*Task statement*:
Beginning at the line that holds "Section Sbeta.", restate each line exactly through the final line of the records. Include both of those lines.

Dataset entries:
--------

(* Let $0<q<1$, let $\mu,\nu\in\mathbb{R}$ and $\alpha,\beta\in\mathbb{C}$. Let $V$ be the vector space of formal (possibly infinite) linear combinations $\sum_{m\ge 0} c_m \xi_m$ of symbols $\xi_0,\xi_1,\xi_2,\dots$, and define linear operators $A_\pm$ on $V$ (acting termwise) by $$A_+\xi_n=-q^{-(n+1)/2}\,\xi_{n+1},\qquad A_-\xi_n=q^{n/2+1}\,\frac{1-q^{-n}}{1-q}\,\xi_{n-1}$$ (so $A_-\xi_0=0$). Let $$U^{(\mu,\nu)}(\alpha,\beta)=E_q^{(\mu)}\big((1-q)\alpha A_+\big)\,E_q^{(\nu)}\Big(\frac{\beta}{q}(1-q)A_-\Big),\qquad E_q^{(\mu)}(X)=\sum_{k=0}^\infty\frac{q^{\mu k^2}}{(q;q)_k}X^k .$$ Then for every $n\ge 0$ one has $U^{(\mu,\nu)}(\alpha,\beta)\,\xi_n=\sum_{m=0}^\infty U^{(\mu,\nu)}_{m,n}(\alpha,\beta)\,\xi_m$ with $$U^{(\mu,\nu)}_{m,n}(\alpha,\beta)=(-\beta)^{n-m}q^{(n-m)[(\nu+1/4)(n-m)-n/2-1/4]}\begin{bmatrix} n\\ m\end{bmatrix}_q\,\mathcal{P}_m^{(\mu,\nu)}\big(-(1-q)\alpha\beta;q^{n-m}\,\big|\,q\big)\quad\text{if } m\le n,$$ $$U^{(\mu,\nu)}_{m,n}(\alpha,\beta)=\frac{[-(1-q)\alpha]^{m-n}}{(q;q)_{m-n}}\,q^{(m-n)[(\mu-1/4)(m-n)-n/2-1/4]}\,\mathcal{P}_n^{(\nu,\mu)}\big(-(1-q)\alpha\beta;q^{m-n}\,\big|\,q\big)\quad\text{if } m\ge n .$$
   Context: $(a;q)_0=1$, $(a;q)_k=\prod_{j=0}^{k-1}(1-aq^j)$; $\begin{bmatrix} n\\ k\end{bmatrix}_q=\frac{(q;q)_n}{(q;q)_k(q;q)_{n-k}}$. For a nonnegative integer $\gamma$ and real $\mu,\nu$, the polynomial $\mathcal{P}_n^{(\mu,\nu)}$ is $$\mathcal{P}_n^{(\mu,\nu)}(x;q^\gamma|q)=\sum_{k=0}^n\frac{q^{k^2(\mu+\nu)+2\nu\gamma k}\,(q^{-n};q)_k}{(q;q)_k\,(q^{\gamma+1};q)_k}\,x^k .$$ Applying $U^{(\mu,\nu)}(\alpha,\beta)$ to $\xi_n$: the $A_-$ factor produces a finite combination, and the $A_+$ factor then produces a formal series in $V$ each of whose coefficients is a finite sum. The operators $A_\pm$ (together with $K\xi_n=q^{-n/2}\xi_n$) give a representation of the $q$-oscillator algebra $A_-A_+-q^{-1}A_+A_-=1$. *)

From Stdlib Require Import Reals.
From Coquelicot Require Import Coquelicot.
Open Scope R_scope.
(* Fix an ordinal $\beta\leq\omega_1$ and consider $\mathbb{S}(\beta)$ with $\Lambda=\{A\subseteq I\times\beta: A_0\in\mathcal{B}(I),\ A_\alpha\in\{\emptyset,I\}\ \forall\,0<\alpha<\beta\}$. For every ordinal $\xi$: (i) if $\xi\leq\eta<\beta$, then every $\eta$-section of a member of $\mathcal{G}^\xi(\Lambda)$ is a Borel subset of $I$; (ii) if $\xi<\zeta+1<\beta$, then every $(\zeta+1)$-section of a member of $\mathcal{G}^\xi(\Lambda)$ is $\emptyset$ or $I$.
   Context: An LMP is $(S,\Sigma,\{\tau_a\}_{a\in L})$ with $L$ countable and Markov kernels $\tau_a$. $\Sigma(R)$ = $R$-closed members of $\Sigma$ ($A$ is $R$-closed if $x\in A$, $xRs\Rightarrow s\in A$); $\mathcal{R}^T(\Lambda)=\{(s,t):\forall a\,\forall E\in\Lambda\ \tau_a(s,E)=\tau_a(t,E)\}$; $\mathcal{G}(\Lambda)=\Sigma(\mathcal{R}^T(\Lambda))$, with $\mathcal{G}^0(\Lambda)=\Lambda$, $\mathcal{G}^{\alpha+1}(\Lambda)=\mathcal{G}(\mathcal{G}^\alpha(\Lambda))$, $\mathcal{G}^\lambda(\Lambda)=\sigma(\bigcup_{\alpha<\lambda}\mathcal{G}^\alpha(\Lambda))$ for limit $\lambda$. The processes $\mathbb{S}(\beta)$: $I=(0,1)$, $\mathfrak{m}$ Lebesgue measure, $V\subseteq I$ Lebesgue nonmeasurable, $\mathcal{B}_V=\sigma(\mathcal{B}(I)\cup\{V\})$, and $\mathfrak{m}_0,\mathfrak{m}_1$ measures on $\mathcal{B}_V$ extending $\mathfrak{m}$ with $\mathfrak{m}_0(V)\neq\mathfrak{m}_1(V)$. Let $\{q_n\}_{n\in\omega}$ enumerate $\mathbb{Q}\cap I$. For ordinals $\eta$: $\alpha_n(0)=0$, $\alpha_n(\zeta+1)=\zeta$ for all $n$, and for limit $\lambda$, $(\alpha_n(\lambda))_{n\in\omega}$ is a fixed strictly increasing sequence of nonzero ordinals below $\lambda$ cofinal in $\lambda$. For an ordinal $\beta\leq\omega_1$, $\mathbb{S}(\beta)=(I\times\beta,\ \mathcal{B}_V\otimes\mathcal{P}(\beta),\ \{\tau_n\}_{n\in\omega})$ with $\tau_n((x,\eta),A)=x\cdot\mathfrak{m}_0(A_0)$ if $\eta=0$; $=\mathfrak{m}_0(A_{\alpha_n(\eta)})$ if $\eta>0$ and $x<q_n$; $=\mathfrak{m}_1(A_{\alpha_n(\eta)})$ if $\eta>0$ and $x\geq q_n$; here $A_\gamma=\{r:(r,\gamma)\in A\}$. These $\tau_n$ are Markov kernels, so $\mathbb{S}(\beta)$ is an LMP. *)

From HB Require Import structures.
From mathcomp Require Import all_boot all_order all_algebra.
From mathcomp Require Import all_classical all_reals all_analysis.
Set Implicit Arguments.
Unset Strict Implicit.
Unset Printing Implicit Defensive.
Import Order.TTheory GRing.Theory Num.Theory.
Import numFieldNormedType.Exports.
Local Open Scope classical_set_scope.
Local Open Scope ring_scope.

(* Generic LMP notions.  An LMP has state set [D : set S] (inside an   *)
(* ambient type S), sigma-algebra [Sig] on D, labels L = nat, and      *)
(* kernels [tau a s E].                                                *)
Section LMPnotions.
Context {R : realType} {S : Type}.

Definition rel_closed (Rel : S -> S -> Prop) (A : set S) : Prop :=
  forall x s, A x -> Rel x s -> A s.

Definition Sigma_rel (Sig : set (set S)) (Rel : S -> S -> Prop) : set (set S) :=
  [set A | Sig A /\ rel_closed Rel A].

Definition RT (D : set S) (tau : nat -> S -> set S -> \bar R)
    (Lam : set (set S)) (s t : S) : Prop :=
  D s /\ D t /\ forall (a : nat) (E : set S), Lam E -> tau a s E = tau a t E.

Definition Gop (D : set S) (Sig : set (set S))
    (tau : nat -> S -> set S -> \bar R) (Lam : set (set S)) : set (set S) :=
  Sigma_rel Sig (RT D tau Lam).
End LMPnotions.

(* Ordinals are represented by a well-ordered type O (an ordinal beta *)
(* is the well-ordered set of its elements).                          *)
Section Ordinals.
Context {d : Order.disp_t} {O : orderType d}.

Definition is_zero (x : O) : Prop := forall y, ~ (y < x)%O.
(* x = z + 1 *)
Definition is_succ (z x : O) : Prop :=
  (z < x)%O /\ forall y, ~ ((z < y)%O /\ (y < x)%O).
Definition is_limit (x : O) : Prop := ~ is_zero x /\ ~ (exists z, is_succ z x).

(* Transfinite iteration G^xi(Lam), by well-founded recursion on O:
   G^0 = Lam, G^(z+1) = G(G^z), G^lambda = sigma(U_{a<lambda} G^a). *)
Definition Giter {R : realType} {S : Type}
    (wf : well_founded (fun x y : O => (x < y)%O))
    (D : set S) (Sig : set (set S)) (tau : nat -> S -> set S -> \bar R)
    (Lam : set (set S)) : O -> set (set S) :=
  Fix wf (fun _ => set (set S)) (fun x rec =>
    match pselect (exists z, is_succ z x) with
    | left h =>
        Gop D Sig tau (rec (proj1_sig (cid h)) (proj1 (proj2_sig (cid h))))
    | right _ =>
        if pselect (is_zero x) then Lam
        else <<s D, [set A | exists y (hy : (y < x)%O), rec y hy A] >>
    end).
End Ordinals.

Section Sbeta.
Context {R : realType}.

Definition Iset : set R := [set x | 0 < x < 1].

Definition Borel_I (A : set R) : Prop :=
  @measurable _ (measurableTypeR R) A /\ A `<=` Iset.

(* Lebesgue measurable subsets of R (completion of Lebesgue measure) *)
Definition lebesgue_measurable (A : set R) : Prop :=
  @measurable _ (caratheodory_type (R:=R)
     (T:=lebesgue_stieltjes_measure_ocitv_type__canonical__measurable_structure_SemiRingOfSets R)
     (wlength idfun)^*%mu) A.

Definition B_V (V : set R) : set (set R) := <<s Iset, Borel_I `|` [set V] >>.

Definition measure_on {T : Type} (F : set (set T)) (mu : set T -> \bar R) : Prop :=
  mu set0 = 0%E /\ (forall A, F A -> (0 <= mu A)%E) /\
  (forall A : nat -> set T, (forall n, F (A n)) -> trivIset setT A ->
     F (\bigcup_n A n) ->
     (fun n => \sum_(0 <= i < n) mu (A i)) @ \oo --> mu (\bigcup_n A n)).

--------

*Response to the exercise*:
Section Sbeta.
Context {R : realType}.

Definition Iset : set R := [set x | 0 < x < 1].

Definition Borel_I (A : set R) : Prop :=
  @measurable _ (measurableTypeR R) A /\ A `<=` Iset.

(* Lebesgue measurable subsets of R (completion of Lebesgue measure) *)
Definition lebesgue_measurable (A : set R) : Prop :=
  @measurable _ (caratheodory_type (R:=R)
     (T:=lebesgue_stieltjes_measure_ocitv_type__canonical__measurable_structure_SemiRingOfSets R)
     (wlength idfun)^*%mu) A.

Definition B_V (V : set R) : set (set R) := <<s Iset, Borel_I `|` [set V] >>.

Definition measure_on {T : Type} (F : set (set T)) (mu : set T -> \bar R) : Prop :=
  mu set0 = 0%E /\ (forall A, F A -> (0 <= mu A)%E) /\
  (forall A : nat -> set T, (forall n, F (A n)) -> trivIset setT A ->
     F (\bigcup_n A n) ->
     (fun n => \sum_(0 <= i < n) mu (A i)) @ \oo --> mu (\bigcup_n A n)).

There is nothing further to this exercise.